Both the line containing "Definition unitI : set" and the line containing "(* l_m : S^0 -> H_0, -1" belong to the span. Output exactly that span from the listing below, and nothing outside it.

**********

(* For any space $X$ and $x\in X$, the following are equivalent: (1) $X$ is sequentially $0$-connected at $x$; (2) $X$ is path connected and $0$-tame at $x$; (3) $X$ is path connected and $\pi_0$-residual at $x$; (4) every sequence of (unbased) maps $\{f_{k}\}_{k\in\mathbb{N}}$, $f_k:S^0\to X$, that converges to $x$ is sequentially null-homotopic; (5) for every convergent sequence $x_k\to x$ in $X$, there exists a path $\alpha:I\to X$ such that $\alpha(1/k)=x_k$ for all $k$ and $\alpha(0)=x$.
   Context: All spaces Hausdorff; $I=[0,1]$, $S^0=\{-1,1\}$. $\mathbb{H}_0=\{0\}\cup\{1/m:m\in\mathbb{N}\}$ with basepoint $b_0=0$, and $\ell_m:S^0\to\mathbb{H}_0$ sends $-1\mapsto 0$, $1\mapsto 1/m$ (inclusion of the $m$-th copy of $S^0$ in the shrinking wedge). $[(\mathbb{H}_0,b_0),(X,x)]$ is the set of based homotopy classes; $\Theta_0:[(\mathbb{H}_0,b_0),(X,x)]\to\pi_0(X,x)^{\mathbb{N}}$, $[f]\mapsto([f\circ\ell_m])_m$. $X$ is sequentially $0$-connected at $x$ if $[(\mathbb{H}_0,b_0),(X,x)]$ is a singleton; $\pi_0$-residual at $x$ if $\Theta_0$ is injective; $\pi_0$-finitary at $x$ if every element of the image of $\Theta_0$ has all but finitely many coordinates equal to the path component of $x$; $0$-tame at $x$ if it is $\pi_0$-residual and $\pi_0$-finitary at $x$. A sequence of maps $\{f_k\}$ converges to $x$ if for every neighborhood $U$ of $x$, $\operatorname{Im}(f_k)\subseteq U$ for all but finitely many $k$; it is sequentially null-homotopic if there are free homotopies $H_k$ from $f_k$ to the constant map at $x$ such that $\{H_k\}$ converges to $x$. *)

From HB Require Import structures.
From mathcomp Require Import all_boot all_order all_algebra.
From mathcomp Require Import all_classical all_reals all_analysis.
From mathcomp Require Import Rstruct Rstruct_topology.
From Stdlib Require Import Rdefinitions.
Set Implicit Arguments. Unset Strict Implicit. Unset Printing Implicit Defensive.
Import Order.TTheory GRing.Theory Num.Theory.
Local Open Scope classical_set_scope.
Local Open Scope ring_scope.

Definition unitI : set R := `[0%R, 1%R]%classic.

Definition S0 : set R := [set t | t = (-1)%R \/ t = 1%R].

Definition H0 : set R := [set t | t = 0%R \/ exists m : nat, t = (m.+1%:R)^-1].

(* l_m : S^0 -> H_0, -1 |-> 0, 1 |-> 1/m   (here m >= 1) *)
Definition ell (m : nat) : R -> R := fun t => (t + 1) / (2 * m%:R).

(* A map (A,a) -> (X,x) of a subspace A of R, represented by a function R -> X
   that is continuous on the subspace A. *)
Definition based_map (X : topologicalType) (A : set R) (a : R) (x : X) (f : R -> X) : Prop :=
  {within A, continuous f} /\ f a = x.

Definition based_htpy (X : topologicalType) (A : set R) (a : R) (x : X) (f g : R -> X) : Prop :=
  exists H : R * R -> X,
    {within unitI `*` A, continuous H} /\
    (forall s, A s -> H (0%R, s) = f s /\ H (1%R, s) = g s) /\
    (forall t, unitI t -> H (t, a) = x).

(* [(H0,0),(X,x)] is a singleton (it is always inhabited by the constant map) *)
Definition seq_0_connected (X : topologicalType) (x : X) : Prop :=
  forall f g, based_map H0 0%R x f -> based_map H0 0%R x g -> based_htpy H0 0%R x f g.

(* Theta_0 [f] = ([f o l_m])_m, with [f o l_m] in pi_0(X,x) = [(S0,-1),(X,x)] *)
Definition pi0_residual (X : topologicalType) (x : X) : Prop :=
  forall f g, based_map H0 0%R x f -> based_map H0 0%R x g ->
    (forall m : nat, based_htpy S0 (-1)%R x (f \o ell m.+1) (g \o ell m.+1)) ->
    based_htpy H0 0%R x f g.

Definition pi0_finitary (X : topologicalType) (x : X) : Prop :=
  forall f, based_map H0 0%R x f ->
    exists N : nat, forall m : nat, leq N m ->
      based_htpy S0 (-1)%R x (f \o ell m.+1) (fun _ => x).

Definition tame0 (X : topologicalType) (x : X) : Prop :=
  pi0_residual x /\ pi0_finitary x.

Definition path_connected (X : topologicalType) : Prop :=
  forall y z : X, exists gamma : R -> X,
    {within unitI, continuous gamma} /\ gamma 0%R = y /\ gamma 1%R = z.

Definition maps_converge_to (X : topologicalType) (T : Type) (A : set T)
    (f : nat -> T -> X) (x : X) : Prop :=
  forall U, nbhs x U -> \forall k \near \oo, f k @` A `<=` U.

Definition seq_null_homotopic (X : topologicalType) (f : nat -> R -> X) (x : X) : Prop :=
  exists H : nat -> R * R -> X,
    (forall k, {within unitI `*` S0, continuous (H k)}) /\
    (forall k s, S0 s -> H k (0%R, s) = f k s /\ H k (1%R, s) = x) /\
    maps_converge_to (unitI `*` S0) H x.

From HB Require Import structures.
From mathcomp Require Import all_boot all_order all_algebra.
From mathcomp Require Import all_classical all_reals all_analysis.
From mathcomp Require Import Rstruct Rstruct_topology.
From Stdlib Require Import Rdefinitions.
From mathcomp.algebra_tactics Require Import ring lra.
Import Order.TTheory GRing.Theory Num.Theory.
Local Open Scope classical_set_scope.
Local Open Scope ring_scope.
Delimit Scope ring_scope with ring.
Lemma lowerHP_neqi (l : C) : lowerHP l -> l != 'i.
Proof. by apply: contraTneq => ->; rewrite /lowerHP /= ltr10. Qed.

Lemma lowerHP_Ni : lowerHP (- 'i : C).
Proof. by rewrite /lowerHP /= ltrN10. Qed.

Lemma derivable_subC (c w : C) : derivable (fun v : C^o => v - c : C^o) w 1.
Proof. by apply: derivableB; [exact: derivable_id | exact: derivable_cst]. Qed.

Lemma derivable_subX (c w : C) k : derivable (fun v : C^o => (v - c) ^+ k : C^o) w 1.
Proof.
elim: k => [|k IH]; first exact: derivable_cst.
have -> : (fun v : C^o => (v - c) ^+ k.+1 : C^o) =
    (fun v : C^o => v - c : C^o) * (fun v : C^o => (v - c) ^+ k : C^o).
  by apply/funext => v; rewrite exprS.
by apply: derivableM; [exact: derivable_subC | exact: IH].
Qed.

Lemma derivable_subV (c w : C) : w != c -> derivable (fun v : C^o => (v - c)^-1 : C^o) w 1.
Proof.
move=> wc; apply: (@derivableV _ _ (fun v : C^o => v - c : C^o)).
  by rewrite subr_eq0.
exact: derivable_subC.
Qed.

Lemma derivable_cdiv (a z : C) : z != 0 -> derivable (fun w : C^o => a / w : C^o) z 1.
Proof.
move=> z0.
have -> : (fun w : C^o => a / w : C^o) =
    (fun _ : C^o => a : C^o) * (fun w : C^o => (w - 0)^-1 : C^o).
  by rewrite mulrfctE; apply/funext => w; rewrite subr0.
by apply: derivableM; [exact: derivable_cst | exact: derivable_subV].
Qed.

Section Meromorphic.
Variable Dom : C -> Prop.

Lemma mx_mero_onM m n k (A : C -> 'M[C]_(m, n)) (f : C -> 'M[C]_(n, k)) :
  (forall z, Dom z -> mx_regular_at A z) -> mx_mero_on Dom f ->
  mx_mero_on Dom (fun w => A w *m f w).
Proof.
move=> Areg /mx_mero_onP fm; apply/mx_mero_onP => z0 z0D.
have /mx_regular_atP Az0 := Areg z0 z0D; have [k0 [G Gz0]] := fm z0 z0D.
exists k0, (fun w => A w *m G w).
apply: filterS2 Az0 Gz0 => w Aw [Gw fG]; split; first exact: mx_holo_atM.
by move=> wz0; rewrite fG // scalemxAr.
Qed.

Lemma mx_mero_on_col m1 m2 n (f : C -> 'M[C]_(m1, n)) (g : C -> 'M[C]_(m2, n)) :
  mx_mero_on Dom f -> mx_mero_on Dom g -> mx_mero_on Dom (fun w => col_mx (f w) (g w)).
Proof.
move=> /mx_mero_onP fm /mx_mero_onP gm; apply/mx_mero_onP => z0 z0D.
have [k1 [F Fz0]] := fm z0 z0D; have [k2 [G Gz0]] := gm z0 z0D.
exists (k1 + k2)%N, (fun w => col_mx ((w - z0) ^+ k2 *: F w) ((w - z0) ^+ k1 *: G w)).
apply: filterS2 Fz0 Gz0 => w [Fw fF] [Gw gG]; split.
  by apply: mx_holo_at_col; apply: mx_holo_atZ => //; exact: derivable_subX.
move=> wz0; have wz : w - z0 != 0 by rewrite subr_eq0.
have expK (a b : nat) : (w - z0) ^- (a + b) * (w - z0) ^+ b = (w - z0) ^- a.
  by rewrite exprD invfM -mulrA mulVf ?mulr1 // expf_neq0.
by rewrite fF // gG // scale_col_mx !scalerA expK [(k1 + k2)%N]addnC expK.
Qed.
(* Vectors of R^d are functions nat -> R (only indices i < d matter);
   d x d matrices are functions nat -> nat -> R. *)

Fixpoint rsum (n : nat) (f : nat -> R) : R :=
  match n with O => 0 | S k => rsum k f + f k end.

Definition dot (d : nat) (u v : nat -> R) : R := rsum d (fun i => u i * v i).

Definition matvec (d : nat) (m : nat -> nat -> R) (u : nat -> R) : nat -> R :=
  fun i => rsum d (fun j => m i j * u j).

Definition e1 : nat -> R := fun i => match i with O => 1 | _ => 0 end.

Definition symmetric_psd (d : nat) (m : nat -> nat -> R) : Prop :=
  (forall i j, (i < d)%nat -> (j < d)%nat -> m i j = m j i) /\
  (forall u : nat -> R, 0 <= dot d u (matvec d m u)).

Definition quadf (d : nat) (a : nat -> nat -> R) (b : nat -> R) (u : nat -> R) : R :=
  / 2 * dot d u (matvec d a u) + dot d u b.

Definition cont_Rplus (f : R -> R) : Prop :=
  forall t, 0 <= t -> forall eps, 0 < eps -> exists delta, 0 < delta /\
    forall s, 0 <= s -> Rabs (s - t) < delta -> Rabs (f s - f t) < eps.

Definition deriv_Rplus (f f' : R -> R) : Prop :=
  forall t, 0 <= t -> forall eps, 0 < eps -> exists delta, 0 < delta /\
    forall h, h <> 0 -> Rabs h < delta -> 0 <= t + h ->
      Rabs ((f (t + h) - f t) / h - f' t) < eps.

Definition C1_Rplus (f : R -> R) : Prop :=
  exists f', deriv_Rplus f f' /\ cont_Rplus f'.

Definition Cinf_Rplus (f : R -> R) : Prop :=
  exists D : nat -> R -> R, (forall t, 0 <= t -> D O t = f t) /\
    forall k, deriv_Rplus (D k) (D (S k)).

**********

RESULT FOR THIS EXERCISE:
Definition unitI : set R := `[0%R, 1%R]%classic.

Definition S0 : set R := [set t | t = (-1)%R \/ t = 1%R].

Definition H0 : set R := [set t | t = 0%R \/ exists m : nat, t = (m.+1%:R)^-1].

(* l_m : S^0 -> H_0, -1 |-> 0, 1 |-> 1/m   (here m >= 1) *)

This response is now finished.